"1.4. Relative influence of sequential versus local features. As I understand it, TN takes as input spectrograms in which each column of the spectrogram (corresponding to some small period of time) is a "bin", and a set of labels for each bin that are derived from how the corresponding segments of song were labeled by manual annotation. The network is then trained on "windows" That contain some large number (hundreds) of contiguous bins and their labels corresponding to many hundreds of milliseconds of song. I would appreciate some guidance regarding how performance depends on the relative influence of local acoustic structure (within a single bin, or within a single syllable) and more global sequential structure that depends on the specific sequence of syllables within-training windows. I assume that both of these will affect the labels that are applied to bins, but I have little intuition about their relative influences. Will this tend to work against the correct labeling of rare variants?
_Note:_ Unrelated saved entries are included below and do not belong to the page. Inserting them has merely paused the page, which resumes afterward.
(* Fix integers $m,n\ge2$. There exists a nonzero polynomial $\Psi_{m,n}$ with integer coefficients in the variables $a_0,\dots,a_m,b_0,\dots,b_n,c_0,\dots,c_n$ with the following property: for every field $k$ and all $f=\sum_{i=0}^ma_ix^{m-i}$, $g=\sum_{j=0}^nb_jx^{n-j}$, $h=\sum_{j=0}^nc_jx^{n-j}$ in $k[x]$, if there exists $(s,t)\in k^2\setminus\{(0,0)\}$ with $\deg\gcd(f,sg+th)\ge2$, then $\Psi_{m,n}(f,g,h)=0$ (evaluating at the coefficients of $f,g,h$). *)

From HB Require Import structures.
From mathcomp Require Import all_boot all_order all_algebra.
From mathcomp Require Import mpoly.
Set Implicit Arguments. Unset Strict Implicit. Unset Printing Implicit Defensive.
Import GRing.Theory.
Local Open Scope ring_scope.

Definition poly_of_coefs (k : ringType) (d : nat) (a : 'I_d.+1 -> k) : {poly k} :=
  \sum_(i < d.+1) a i *: 'X^(d - i).

(* Coefficient vector (a_0..a_m, b_0..b_n, c_0..c_n), indexed by
   'I_(m.+1 + n.+1 + n.+1) in this order. *)
Definition coef_vec (k : ringType) (m n : nat)
  (a : 'I_m.+1 -> k) (b c : 'I_n.+1 -> k) : 'I_(m.+1 + n.+1 + n.+1) -> k :=
  fun i => match split i with
           | inl j => match split j with inl j1 => a j1 | inr j2 => b j2 end
           | inr j => c j
           end.

Definition eval_int_mpoly (k : ringType) (N : nat) (P : {mpoly int[N]})
  (v : 'I_N -> k) : k :=
  mmap (fun z : int => z%:~R) v P.

(* Put B(y, X) := (g(y) h(X) - g(X) h(y)) / (X - y) and
   Psi := Res_y (f(y), Res_X (f(X), B(y, X))), computed for generic coefficients
   with Sylvester determinants of fixed formal degrees, so that Psi specializes
   coefficientwise to any field.  If f and s g + t h have a common factor of
   degree >= 2, let z be a root of it in an extension field.  Then
   s g(z) + t h(z) = 0, so s g + t h divides g(z) h - h(z) g = B(z, X) (X - z),
   and the cofactor of X - z in the common factor divides both f and B(z, .).
   Hence Res_X (f, B(z, .)) = 0, so z is a common root of f and of
   Res_X (f(X), B(y, X)), and Psi vanishes.  Psi is nonzero because for
   f = (x - 1) ... (x - m), g = x^n and h = 1 the value B(i, j) is minus a sum
   of positive monomials in i, j, hence never zero at pairs of roots of f. *)

From HB Require Import structures.
From mathcomp Require Import all_boot all_order all_algebra.
From mathcomp Require Import mpoly qfpoly zify.
From Stdlib Require Import Classical.
Set Implicit Arguments. Unset Strict Implicit. Unset Printing Implicit Defensive.
Import Order.TTheory GRing.Theory Num.Theory.
Local Open Scope ring_scope.

Section FormalSylvester.
Variable R : comNzRingType.

(* The Sylvester matrix of p and q viewed as polynomials of formal degrees dp
   and dq; the library's Sylvester_mx uses the actual sizes, which can drop
   under specialization of the coefficients. *)
Definition fSylvester_mx (dp dq : nat) (p q : {poly R}) : 'M[R]_(dq + dp) :=
  col_mx (lin1_mx (poly_rV \o p \o* rVpoly)) (lin1_mx (poly_rV \o q \o* rVpoly)).

Definition fresultant dp dq (p q : {poly R}) := \det (fSylvester_mx dp dq p q).

Lemma mul_row_fSylvester dp dq p q (u : 'rV_dq) (v : 'rV_dp) :
  row_mx u v *m fSylvester_mx dp dq p q = poly_rV (rVpoly u * p + rVpoly v * q).
Proof. by rewrite mul_row_col !mul_rV_lin1 /= linearD. Qed.

End FormalSylvester.

Lemma fresultant_map (R S : comNzRingType) (f : {rmorphism R -> S}) dp dq p q :
  f (fresultant dp dq p q) = fresultant dp dq (map_poly f p) (map_poly f q).
Proof.
rewrite /fresultant -det_map_mx map_col_mx; congr (\det (col_mx _ _));
  by apply: map_lin1_mx => v; rewrite map_poly_rV rmorphM /= map_rVpoly.
Qed.

Section FieldResultant.
Variable K : fieldType.
Implicit Types p q u v c : {poly K}.

Lemma size_bezout_combination dp dq p q u v :
  (size p <= dp.+1)%N -> (size q <= dq.+1)%N -> (size u <= dq)%N -> (size v <= dp)%N ->
  (size (u * p + v * q)%R <= dq + dp)%N.
Proof.
move=> sp sq su sv; rewrite (leq_trans (size_polyD _ _)) // geq_max.
by rewrite !(leq_trans (size_polyMleq _ _)) //; lia.
Qed.

Lemma fresultant_eq0P dp dq p q : (size p <= dp.+1)%N -> (size q <= dq.+1)%N ->
  reflect (exists u v, [/\ (u, v) != (0, 0), (size u <= dq)%N, (size v <= dp)%N
                         & u * p + v * q = 0])
          (fresultant dp dq p q == 0).
Proof.
move=> sp sq; apply: (iffP det0P) => [[w nz_w w0] | [u [v [nz_uv su sv uv0]]]].
  exists (rVpoly (lsubmx w)), (rVpoly (rsubmx w)); split; rewrite ?size_poly //.
    apply: contra nz_w; rewrite xpair_eqE => /andP[/eqP u0 /eqP v0].
    rewrite -[w]hsubmxK -(rVpolyK (lsubmx w)) -(rVpolyK (rsubmx w)) u0 v0.
    by rewrite !raddf0 row_mx0.
  move: w0; rewrite -{1}[w]hsubmxK mul_row_fSylvester => /(congr1 rVpoly).
  by rewrite raddf0 poly_rV_K // size_bezout_combination ?size_poly.
exists (row_mx (poly_rV u : 'rV_dq) (poly_rV v : 'rV_dp)).
  apply: contra nz_uv; rewrite row_mx_eq0 xpair_eqE => /andP[/eqP u0 /eqP v0].
  by rewrite -(poly_rV_K su) -(poly_rV_K sv) u0 v0 !raddf0 eqxx.
by rewrite (@mul_row_fSylvester _ dp dq p q) !poly_rV_K // uv0 raddf0.
Qed.

Lemma fresultant_eq0 dp dq p q c : (0 < dp)%N ->
  (size p <= dp.+1)%N -> (size q <= dq.+1)%N -> (1 < size c)%N ->
  c %| p -> c %| q -> fresultant dp dq p q = 0.
Proof.
move=> dp_gt0 sp sq sc cp cq; apply/eqP/fresultant_eq0P => //.
have nz_c : c != 0 by rewrite -size_poly_gt0 ltnW.
have [/andP[/eqP-> /eqP->] | nz_pq] := boolP ((p == 0) && (q == 0)).
  by exists 0, 1; rewrite size_poly0 size_poly1 !mulr0 addr0 xpair_eqE oner_eq0 andbF.
exists (q %/ c), (- (p %/ c)); split.
- apply: contra nz_pq; rewrite xpair_eqE oppr_eq0 => /andP[/eqP q0 /eqP p0].
  by rewrite -(divpK cp) -(divpK cq) p0 q0 !mul0r eqxx.
- by rewrite size_divp //; move: sq sc; move: (size q) (size c); lia.
- by rewrite size_polyN size_divp //; move: sp sc; move: (size p) (size c); lia.
by rewrite -{1}(divpK cp) -{2}(divpK cq) mulNr mulrCA subrr.
Qed.

Lemma fresultant_neq0 dp dq p q :
  size p = dp.+1 -> (size q <= dq.+1)%N -> coprimep p q -> fresultant dp dq p q != 0.
Proof.
move=> sp sq cop; apply/(fresultant_eq0P _ sq); rewrite ?sp //.
case=> u [v [nz_uv su sv uv0]].
have nz_p : p != 0 by rewrite -size_poly_gt0 sp.
have v0 : v = 0.
  apply: contraTeq (sv) => nz_v; rewrite -ltnNge -sp dvdp_leq //.
  rewrite -(Gauss_dvdpl _ cop).
  have -> : v * q = - (u * p) by apply/eqP; rewrite -addr_eq0 addrC uv0.
  by rewrite dvdpNr dvdp_mull.
move: uv0 nz_uv; rewrite v0 mul0r addr0 => /eqP; rewrite mulf_eq0 (negbTE nz_p) orbF.
by move/eqP->; rewrite eqxx.
Qed.

End FieldResultant.

Lemma irreducible_poly_scale (K : fieldType) (c : K) (p : {poly K}) :
  c != 0 -> irreducible_poly p -> irreducible_poly (c *: p).
Proof.
move=> nz_c [szp irr_p]; split=> [|q szq]; first by rewrite size_scale.
rewrite dvdpZr // => /(irr_p q szq) qp.
by apply: eqp_trans qp _; rewrite eqp_sym eqp_scale.
Qed.

Lemma exists_irreducible_factor (K : fieldType) (q : {poly K}) : (1 < size q)%N ->
  exists2 p : {poly K}, irreducible_poly p & p %| q.
Proof.
elim: {q}_.+1 {-2}q (ltnSn (size q)) => // N IHN q szqN szq_gt1.
have [irr_q | red_q] := classic (irreducible_poly q); first by exists q.
suff [r [szr rq nrq]] : exists r : {poly K}, [/\ size r != 1%N, r %| q & ~~ (r %= q)].
  have nz_q : q != 0 by rewrite -size_poly_gt0 ltnW.
  have nz_r : r != 0 by apply: contraNneq nz_q => r0; rewrite -dvd0p -r0.
  have ltrq : (size r < size q)%N.
    by rewrite ltn_neqAle dvdp_leq // andbT (dvdp_size_eqp rq).
  have [|p irr_p pr] := IHN r (leq_trans ltrq szqN).
    by rewrite ltn_neqAle eq_sym szr size_poly_gt0.
  by exists p => //; apply: dvdp_trans pr rq.
apply: NNPP => no_r; apply: red_q; split => [|r szr rq].
  exact: szq_gt1.
by apply/negPn/negP => nrq; apply: no_r; exists r.
Qed.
For example if the sequence 'abc' is very prevalent in a song, and the sequence 'abb' is very rare, will the labeling of 'abb' be biased towards the labels 'abc'? More generally, it would be helpful to have a more pointed discussion of the degree to which TN performance depends on choices for parameters such as bin size and window size - is this something that a user might want to differently adjust for BF versus canary song versus other types of vocalizations?"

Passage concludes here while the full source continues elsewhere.